PROBLEM DETAILS: Copy out exactly the lines below that run from the one holding "have -> : frob_twist" to the one holding "elim/mpolyind_ring => [c|i|a", keeping both of those lines and no others.

Extracted data entries:
_____

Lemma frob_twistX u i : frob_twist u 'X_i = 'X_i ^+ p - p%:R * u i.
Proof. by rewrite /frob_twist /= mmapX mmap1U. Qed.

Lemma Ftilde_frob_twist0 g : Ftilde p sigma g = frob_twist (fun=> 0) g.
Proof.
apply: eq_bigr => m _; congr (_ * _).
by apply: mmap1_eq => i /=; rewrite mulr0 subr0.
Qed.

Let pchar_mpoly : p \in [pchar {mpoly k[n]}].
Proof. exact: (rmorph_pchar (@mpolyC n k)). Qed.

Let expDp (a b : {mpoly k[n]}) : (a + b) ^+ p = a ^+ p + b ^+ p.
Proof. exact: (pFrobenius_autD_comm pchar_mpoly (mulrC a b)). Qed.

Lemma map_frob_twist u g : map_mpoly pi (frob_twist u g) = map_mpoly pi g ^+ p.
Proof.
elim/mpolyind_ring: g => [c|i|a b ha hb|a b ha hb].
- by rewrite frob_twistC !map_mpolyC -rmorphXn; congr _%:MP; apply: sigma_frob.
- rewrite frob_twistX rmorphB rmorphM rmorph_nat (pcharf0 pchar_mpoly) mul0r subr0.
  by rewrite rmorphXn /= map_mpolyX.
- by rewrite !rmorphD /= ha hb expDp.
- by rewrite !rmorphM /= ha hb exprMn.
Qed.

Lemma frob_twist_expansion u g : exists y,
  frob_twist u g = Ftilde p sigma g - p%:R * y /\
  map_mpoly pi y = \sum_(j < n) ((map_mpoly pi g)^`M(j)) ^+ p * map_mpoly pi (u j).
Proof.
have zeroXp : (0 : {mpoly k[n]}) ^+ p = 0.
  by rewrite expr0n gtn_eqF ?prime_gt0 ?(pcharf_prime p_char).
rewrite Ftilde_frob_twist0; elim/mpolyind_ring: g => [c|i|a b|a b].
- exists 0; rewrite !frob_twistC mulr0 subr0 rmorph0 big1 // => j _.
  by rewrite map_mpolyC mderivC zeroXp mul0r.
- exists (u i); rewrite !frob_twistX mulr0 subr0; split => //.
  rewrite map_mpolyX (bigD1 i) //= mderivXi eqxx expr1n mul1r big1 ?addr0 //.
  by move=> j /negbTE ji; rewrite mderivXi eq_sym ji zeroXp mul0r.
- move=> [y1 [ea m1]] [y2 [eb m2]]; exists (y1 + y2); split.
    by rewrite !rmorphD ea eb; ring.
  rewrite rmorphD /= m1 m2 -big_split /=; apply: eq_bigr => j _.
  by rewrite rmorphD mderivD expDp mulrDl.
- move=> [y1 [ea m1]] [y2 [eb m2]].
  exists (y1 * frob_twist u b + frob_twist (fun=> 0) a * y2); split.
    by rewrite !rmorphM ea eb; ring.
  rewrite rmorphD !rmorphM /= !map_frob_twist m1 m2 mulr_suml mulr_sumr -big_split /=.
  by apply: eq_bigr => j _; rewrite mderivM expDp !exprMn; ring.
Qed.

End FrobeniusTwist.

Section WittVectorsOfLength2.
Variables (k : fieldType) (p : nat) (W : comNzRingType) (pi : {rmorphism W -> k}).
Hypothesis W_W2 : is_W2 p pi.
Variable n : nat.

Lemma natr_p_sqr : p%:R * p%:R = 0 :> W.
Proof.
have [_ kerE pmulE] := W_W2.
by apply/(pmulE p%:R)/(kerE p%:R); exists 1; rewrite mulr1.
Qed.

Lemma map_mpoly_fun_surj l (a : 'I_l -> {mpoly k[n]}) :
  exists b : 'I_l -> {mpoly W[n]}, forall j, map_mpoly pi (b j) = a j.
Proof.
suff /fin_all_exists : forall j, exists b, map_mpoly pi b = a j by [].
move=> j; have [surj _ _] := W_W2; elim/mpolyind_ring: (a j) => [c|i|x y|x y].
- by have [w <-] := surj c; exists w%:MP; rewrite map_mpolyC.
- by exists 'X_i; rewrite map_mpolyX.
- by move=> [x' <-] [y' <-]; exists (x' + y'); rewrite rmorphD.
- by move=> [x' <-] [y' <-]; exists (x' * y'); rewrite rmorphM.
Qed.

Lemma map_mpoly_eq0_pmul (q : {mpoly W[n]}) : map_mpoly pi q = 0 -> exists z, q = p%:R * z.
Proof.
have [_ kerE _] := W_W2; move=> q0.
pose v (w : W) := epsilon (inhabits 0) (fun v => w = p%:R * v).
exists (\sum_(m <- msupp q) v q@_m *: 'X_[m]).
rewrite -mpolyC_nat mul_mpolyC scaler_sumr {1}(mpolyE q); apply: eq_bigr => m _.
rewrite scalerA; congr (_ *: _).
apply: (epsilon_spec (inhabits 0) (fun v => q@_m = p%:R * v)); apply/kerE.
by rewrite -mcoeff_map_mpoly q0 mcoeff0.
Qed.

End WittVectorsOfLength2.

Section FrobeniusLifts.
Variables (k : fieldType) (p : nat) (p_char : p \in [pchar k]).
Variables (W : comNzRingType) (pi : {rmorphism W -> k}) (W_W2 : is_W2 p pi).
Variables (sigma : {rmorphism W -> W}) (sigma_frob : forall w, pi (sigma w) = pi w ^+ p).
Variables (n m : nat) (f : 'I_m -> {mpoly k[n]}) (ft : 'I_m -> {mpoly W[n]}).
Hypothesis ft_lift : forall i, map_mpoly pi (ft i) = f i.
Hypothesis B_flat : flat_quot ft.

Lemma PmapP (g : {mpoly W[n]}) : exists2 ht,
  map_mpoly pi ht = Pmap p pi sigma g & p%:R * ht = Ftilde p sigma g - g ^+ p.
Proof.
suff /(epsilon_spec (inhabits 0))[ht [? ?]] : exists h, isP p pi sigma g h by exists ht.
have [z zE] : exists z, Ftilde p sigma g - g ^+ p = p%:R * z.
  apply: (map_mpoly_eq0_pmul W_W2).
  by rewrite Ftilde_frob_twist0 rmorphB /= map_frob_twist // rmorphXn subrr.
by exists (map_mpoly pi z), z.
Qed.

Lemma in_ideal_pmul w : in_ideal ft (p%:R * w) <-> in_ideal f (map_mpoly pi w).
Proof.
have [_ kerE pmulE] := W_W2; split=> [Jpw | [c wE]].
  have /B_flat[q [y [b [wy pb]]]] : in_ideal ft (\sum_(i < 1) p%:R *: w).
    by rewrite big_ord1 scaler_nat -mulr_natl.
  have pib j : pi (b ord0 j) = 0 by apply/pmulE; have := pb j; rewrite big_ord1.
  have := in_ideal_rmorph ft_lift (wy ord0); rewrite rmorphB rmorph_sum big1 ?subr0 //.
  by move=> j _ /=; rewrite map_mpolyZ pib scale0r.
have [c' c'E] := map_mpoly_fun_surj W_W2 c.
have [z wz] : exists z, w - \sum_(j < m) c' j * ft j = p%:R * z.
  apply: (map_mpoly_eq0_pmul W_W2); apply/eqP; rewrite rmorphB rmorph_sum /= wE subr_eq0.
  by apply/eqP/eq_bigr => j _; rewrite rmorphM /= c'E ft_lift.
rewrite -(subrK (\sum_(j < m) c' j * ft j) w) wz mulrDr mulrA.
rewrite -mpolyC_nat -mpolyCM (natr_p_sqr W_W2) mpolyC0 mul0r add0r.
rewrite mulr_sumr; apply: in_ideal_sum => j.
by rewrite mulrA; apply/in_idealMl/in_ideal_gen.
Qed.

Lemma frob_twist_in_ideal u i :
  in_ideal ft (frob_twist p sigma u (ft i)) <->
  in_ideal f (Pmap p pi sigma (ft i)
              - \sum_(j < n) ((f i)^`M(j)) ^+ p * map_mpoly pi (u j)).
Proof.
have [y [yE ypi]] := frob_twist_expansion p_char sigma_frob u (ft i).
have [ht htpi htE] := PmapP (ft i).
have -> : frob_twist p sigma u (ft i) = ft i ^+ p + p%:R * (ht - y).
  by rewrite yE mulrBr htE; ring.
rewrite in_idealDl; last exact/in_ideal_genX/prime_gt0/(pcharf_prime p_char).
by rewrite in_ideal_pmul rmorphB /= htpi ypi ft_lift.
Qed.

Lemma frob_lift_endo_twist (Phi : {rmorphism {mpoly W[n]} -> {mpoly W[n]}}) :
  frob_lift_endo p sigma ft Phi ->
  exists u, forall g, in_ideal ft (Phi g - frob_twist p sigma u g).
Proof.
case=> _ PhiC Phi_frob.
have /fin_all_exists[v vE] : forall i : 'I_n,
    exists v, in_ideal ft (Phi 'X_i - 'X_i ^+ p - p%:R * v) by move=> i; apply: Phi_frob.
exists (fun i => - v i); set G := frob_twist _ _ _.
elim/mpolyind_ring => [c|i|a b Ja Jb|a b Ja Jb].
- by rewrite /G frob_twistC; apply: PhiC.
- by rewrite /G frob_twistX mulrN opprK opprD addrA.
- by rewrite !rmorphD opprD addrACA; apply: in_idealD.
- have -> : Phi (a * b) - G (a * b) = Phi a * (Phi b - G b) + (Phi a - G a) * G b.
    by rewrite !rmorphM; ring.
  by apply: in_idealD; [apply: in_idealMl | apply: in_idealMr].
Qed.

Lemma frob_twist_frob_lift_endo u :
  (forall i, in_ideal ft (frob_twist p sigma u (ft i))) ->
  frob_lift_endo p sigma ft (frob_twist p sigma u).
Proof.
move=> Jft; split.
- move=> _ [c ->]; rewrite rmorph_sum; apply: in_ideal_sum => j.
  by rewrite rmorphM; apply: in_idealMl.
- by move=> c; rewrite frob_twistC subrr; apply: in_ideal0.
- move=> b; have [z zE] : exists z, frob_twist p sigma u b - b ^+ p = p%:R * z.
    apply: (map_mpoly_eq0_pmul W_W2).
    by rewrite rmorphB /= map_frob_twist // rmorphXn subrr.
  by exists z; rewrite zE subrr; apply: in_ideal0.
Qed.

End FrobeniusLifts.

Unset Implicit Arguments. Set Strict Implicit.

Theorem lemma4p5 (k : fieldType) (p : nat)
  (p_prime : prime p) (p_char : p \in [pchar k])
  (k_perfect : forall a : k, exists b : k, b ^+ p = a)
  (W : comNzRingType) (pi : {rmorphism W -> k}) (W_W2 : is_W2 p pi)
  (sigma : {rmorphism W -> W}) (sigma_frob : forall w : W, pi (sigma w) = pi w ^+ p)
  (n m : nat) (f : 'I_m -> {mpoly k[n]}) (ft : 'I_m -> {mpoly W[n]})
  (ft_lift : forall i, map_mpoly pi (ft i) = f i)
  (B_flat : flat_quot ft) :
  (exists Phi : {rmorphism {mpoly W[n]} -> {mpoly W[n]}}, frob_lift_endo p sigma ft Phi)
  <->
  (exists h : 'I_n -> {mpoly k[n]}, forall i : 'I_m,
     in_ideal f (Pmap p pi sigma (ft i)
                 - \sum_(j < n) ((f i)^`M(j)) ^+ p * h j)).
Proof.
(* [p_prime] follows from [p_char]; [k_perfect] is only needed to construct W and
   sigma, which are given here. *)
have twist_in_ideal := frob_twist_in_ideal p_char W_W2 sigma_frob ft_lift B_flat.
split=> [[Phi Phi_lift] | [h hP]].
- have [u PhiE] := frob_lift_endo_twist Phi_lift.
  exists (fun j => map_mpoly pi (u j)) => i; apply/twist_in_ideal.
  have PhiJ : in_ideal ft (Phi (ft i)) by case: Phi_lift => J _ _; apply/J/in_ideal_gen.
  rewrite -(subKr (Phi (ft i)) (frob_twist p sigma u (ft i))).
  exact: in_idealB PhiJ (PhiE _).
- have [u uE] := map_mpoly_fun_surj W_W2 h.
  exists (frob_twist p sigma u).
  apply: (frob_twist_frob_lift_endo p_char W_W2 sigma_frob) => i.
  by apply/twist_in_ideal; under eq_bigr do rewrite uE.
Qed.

_____

SOLUTION TO THE PROBLEM:
have -> : frob_twist p sigma u (ft i) = ft i ^+ p + p%:R * (ht - y).
  by rewrite yE mulrBr htE; ring.
rewrite in_idealDl; last exact/in_ideal_genX/prime_gt0/(pcharf_prime p_char).
by rewrite in_ideal_pmul rmorphB /= htpi ypi ft_lift.
Qed.

Lemma frob_lift_endo_twist (Phi : {rmorphism {mpoly W[n]} -> {mpoly W[n]}}) :
  frob_lift_endo p sigma ft Phi ->
  exists u, forall g, in_ideal ft (Phi g - frob_twist p sigma u g).
Proof.
case=> _ PhiC Phi_frob.
have /fin_all_exists[v vE] : forall i : 'I_n,
    exists v, in_ideal ft (Phi 'X_i - 'X_i ^+ p - p%:R * v) by move=> i; apply: Phi_frob.
exists (fun i => - v i); set G := frob_twist _ _ _.
elim/mpolyind_ring => [c|i|a b Ja Jb|a b Ja Jb].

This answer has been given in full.